**Work instructions:** The answer must consist of every line below that contains the word "hand".

Supplied material: Begin

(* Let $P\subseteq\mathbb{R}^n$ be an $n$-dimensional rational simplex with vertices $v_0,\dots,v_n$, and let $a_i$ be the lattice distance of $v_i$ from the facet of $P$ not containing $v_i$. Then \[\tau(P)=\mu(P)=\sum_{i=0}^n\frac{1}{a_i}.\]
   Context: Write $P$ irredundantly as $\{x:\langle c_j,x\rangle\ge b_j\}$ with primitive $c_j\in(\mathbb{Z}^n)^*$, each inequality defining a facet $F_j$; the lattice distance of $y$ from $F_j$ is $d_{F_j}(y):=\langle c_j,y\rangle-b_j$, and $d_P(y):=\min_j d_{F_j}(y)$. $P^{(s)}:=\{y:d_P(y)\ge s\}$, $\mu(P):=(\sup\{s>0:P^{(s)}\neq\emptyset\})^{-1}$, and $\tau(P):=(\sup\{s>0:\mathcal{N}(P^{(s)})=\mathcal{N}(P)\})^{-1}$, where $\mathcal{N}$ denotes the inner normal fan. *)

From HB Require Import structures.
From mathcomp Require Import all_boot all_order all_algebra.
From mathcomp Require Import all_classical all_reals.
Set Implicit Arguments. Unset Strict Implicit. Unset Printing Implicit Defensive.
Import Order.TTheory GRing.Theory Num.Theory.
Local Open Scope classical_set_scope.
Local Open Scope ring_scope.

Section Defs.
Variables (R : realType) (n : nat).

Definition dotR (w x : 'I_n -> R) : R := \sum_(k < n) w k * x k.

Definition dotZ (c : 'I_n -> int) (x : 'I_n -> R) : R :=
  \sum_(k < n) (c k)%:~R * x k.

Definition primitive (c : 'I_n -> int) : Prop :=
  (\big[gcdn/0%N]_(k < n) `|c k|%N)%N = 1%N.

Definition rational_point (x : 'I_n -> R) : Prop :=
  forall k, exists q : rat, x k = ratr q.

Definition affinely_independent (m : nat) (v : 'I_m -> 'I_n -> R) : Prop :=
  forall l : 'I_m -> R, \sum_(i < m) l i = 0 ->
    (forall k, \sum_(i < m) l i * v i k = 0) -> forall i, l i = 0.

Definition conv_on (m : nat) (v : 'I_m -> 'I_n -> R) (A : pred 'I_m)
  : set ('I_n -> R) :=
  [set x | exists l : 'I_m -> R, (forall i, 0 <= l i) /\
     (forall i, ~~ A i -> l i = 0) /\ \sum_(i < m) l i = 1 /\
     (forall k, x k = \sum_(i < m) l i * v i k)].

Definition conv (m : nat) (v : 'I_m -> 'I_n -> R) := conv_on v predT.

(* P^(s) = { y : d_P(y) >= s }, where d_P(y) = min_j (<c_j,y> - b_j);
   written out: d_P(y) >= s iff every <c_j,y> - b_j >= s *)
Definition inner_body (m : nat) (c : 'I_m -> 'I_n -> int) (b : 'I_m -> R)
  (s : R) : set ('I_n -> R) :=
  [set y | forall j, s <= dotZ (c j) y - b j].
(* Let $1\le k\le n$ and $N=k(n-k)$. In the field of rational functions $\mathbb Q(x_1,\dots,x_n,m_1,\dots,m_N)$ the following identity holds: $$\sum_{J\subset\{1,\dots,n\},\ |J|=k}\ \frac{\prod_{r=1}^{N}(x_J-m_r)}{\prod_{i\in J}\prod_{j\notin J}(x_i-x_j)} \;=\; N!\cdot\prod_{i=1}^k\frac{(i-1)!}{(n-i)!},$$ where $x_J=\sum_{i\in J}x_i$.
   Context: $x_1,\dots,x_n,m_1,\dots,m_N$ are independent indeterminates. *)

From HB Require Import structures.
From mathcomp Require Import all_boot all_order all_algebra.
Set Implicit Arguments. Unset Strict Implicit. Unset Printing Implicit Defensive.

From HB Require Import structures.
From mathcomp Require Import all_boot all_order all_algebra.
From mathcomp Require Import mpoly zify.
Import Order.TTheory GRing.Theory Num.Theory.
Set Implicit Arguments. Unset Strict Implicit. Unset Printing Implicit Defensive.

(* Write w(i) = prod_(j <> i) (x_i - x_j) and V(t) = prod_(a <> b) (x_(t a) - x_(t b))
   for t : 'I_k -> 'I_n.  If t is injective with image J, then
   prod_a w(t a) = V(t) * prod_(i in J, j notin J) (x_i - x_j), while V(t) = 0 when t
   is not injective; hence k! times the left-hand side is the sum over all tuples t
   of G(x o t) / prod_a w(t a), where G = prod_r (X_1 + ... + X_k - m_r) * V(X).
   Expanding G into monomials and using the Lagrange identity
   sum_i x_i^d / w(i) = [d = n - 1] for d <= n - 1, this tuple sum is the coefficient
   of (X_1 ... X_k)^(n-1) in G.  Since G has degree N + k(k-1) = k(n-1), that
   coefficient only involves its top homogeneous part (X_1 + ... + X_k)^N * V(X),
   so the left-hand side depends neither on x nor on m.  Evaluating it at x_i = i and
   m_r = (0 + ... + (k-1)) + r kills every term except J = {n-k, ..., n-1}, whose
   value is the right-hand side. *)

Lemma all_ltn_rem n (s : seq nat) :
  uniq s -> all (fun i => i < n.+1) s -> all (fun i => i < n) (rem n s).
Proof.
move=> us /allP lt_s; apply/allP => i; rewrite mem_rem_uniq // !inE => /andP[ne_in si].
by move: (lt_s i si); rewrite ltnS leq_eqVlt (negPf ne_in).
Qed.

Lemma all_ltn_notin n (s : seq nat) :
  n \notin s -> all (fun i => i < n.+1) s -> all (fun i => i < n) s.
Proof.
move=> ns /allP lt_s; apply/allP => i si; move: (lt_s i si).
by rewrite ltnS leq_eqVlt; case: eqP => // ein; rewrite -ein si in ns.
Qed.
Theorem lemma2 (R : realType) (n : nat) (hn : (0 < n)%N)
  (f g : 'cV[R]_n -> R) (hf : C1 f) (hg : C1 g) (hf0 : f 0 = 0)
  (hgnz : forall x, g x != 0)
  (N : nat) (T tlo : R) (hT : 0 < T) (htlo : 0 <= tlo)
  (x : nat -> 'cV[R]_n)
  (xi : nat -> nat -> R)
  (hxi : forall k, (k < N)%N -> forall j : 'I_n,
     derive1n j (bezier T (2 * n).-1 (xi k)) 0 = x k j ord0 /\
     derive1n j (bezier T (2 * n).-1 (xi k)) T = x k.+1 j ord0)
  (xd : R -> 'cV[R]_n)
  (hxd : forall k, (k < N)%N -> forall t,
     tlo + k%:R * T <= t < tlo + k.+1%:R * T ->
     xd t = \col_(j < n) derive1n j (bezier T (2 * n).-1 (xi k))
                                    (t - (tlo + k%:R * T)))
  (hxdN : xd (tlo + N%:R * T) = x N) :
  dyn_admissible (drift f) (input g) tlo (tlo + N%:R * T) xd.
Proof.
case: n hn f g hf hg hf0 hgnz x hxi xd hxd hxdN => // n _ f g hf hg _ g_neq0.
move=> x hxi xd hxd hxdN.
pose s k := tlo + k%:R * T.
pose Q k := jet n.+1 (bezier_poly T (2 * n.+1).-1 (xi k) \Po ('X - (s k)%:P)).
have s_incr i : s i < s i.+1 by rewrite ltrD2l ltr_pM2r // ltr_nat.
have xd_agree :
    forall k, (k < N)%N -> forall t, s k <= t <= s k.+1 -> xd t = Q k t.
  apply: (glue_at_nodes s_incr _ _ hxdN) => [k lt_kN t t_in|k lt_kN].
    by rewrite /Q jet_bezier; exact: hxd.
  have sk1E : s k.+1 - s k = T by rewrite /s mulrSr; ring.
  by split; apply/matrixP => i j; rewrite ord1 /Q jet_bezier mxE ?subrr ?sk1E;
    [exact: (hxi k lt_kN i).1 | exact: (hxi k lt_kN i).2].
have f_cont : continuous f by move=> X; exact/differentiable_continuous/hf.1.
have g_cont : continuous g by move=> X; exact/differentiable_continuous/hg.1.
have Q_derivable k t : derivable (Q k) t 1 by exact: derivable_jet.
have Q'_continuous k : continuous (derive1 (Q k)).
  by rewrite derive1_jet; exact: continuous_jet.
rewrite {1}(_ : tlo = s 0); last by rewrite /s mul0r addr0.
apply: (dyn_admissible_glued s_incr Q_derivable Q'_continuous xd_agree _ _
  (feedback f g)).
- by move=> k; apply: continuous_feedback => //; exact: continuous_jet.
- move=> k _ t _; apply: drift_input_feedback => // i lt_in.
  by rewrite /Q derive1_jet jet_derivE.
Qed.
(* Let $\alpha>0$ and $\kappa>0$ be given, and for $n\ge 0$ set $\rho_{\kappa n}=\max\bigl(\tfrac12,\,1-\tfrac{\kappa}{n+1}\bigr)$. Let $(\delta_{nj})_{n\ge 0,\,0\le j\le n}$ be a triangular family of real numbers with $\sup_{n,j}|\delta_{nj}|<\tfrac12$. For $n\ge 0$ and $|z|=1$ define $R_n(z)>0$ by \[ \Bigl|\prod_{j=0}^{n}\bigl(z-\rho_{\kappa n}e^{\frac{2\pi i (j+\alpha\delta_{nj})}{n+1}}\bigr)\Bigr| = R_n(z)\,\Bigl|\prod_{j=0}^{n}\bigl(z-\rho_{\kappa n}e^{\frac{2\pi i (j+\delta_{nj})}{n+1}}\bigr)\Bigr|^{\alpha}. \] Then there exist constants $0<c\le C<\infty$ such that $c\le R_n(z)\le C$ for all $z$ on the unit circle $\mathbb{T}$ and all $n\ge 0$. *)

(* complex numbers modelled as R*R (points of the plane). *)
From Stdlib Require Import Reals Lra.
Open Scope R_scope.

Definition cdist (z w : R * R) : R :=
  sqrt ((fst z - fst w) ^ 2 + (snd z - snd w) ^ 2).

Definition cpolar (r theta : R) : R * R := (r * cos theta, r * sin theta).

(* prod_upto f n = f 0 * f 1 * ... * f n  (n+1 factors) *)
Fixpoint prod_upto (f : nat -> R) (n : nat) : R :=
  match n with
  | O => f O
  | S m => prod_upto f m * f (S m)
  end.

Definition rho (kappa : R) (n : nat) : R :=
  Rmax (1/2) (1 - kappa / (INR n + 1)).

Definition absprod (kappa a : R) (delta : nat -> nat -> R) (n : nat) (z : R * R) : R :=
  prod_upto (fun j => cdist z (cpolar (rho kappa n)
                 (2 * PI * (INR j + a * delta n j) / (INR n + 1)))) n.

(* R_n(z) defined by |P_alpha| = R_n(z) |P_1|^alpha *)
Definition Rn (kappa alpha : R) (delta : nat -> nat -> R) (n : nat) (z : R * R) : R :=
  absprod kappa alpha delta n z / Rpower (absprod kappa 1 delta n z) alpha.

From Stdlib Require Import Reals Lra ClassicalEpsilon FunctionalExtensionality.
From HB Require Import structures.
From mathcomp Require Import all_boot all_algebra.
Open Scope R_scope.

Supplied material: End

**Task output:**
   is not injective; hence k! times the left-hand side is the sum over all tuples t
   so the left-hand side depends neither on x nor on m.  Evaluating it at x_i = i and
   value is the right-hand side. *)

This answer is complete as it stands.